_Exercise brief_. How many lines in the records below contain the word "move"? Reply with that number only.

Records from a data source
========
(* Let $(\Omega,\mathcal{F})$ be a measurable space, $\mathrm{B}_b$ the space of bounded real-valued measurable functions, $C\subset\mathrm{B}_b$ a linear subspace containing the constants, and $H\colon C\to\mathbb{R}$ a convex premium principle. Let $R_{\mathrm{Max}}(X):=\inf\{H(X_0)\mid X_0\in C,\ X_0\ge X\}$ for $X\in\mathrm{B}_b$ and $D_{\mathrm{Min}}(X):=H(X)-R_{\mathrm{Max}}(X)$ for $X\in C$. Let $\mathcal{P}:=\{\mathbb{P}\in\mathrm{ba}_+^1\mid H^*(\mathbb{P})<\infty\}$ and, for $\mathbb{P}\in\mathcal{P}$, $D_{\mathbb{P}}(X):=H(X-\mathbb{E}_{\mathbb{P}}(X))$ for $X\in C$. Then $$D_{\mathrm{Min}}(X)=\min_{\mathbb{P}\in\mathcal{P}}\big(D_{\mathbb{P}}(X)+H^*(\mathbb{P})\big)\quad\text{for all }X\in C.$$
   Context: A premium principle is a map $H\colon C\to\mathbb{R}$ with $H(X+m)=H(X)+m$ for $X\in C$, $m\in\mathbb{R}$, $H(0)=0$, and $H(X)\ge0$ for $X\in C$ with $X\ge0$ (pointwise order). Convex means $H(\lambda X+(1-\lambda)Y)\le\lambda H(X)+(1-\lambda)H(Y)$ for $\lambda\in[0,1]$. $\mathrm{ba}_+^1$ is the set of finitely additive probability measures on $(\Omega,\mathcal{F})$, $\mathbb{E}_{\mathbb{P}}$ the associated integral, and $H^*(\mathbb{P}):=\sup_{X\in C}(\mathbb{E}_{\mathbb{P}}(X)-H(X))\in[0,\infty]$. *)

From HB Require Import structures.
From mathcomp Require Import all_boot all_order all_algebra.
From mathcomp Require Import all_classical all_reals all_analysis.
Set Implicit Arguments. Unset Strict Implicit. Unset Printing Implicit Defensive.
Import Order.TTheory GRing.Theory Num.Theory.
Local Open Scope classical_set_scope.
Local Open Scope ring_scope.

Definition Bb (d : measure_display) (T : measurableType d) (R : realType)
  : set (T -> R) :=
  [set X : T -> R | measurable_fun setT X /\ exists M : R, forall w, `|X w| <= M].

Definition lin_subspace_with_consts (d : measure_display) (T : measurableType d)
  (R : realType) (C : set (T -> R)) : Prop :=
  [/\ C `<=` @Bb _ T R,
      (forall X Y, C X -> C Y -> C (X \+ Y)),
      (forall (a : R) X, C X -> C (fun w => a * X w)) &
      (forall m : R, C (fun _ => m))].

(* Premium principle H : C -> R (H is a total function, only its values on C matter). *)
Definition premium_principle (T : Type) (R : realType) (C : set (T -> R))
  (H : (T -> R) -> R) : Prop :=
  [/\ (forall X (m : R), C X -> H (fun w => X w + m) = H X + m),
      H (fun _ => 0) = 0 &
      (forall X, C X -> (forall w, 0 <= X w) -> 0 <= H X)].

Definition convex_on (T : Type) (R : realType) (C : set (T -> R))
  (H : (T -> R) -> R) : Prop :=
  forall X Y (l : R), C X -> C Y -> 0 <= l <= 1 ->
    H (fun w => l * X w + (1 - l) * Y w) <= l * H X + (1 - l) * H Y.

(* ba_+^1 : finitely additive probability measures on (T, F);
   only the values on measurable sets are relevant. *)
Definition fa_prob (d : measure_display) (T : measurableType d) (R : realType)
  (P : set T -> R) : Prop :=
  [/\ P setT = 1,
      (forall A, measurable A -> 0 <= P A) &
      (forall A B, measurable A -> measurable B -> A `&` B = set0 ->
         P (A `|` B) = P A + P B)].

Definition fin_meas_partition (d : measure_display) (T : measurableType d)
  (n : nat) (A : nat -> set T) : Prop :=
  [/\ (forall i, (i < n)%N -> measurable (A i)),
      (forall i j, (i < j < n)%N -> A i `&` A j = set0) &
      \bigcup_(i in [set k | (k < n)%N]) A i = setT].

(* Integral E_P(X) of a bounded measurable X w.r.t. a finitely additive
   probability P: supremum of the lower (Darboux) sums over finite measurable
   partitions. *)
Definition Eint (d : measure_display) (T : measurableType d) (R : realType)
  (P : set T -> R) (X : T -> R) : R :=
  sup [set s | exists n A, fin_meas_partition n A /\
        s = \sum_(i < n) inf (X @` A i) * P (A i)].

Definition Hstar (d : measure_display) (T : measurableType d) (R : realType)
  (C : set (T -> R)) (H : (T -> R) -> R) (P : set T -> R) : \bar R :=
  ereal_sup [set ((Eint P X - H X)%:E) | X in C].

Definition RMax (T : Type) (R : realType) (C : set (T -> R))
  (H : (T -> R) -> R) (X : T -> R) : \bar R :=
  ereal_inf [set (H X0)%:E | X0 in [set Y | C Y /\ forall w, X w <= Y w]].

Definition DMin (T : Type) (R : realType) (C : set (T -> R))
  (H : (T -> R) -> R) (X : T -> R) : \bar R :=
  ((H X)%:E - RMax C H X)%E.

Definition calP (d : measure_display) (T : measurableType d) (R : realType)
  (C : set (T -> R)) (H : (T -> R) -> R) : set (set T -> R) :=
  [set P | fa_prob P /\ (Hstar C H P < +oo)%E].

Definition DP (d : measure_display) (T : measurableType d) (R : realType)
  (H : (T -> R) -> R) (P : set T -> R) (X : T -> R) : R :=
  H (fun w => X w - Eint P X).

From HB Require Import structures.
From mathcomp Require Import all_boot all_order all_algebra.
From mathcomp Require Import all_classical all_reals all_analysis.
From mathcomp Require Import wochoice ring lra.
Import Order.TTheory GRing.Theory Num.Theory.
Local Open Scope classical_set_scope.
Local Open Scope ring_scope.

(* R_Max extends H to a functional rmax on B_b that is monotone, cash-additive,
   convex and below H on C.  Weak duality, E_P(Y0) - H^*(P) <= H(Y0) for
   Y0 >= X in C, gives the inequality.  For the minimiser, Hahn-Banach (proved
   with Zorn's lemma on sublinear minorants) applied to the directional
   derivative of rmax at X yields a linear g with g h <= rmax(X + h) - rmax(X) on
   B_b.  Such a g is positive and normalised, hence it is integration against
   the finitely additive probability P(A) := g(1_A), and for this P the
   conjugate H^*(P) equals g(X) - rmax(X), which makes the inequality an
   equality. *)

Section InfArith.
Context {R : realType}.
Implicit Types E : set R.

Lemma inf_le_add E1 E2 E3 : E1 !=set0 -> E2 !=set0 -> has_lbound E3 ->
  (forall a b, E1 a -> E2 b -> exists2 c, E3 c & c <= a + b) ->
  inf E3 <= inf E1 + inf E2.
Proof.
move=> E1ne E2ne E3lb sumE; rewrite -lerBlDl.
apply: (lb_le_inf E2ne) => b E2b; suff : inf E3 - b <= inf E1 by lra.
apply: (lb_le_inf E1ne) => a E1a; have [c E3c cab] := sumE a b E1a E2b.
have := ge_inf E3lb E3c; lra.
Qed.

Lemma inf_pscale {E} {t : R} : 0 < t -> E !=set0 -> has_lbound E ->
  inf [set t * e | e in E] = t * inf E.
Proof.
move=> t0 [e0 Ee0] [b Eb].
have tElb : has_lbound [set t * e | e in E].
  by exists (t * b) => _ [e Ee <-]; rewrite ler_pM2l // Eb.
apply/eqP; rewrite eq_le; apply/andP; split.
  rewrite -ler_pdivrMl //; apply: lb_le_inf; first by exists e0.
  by move=> e Ee; rewrite ler_pdivrMl //; apply: ge_inf => //; exists e.
apply: lb_le_inf; first by exists (t * e0), e0.
by move=> _ [e Ee <-]; rewrite ler_pM2l //; apply: ge_inf => //; exists b.
Qed.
========
_Answer for the task_. 4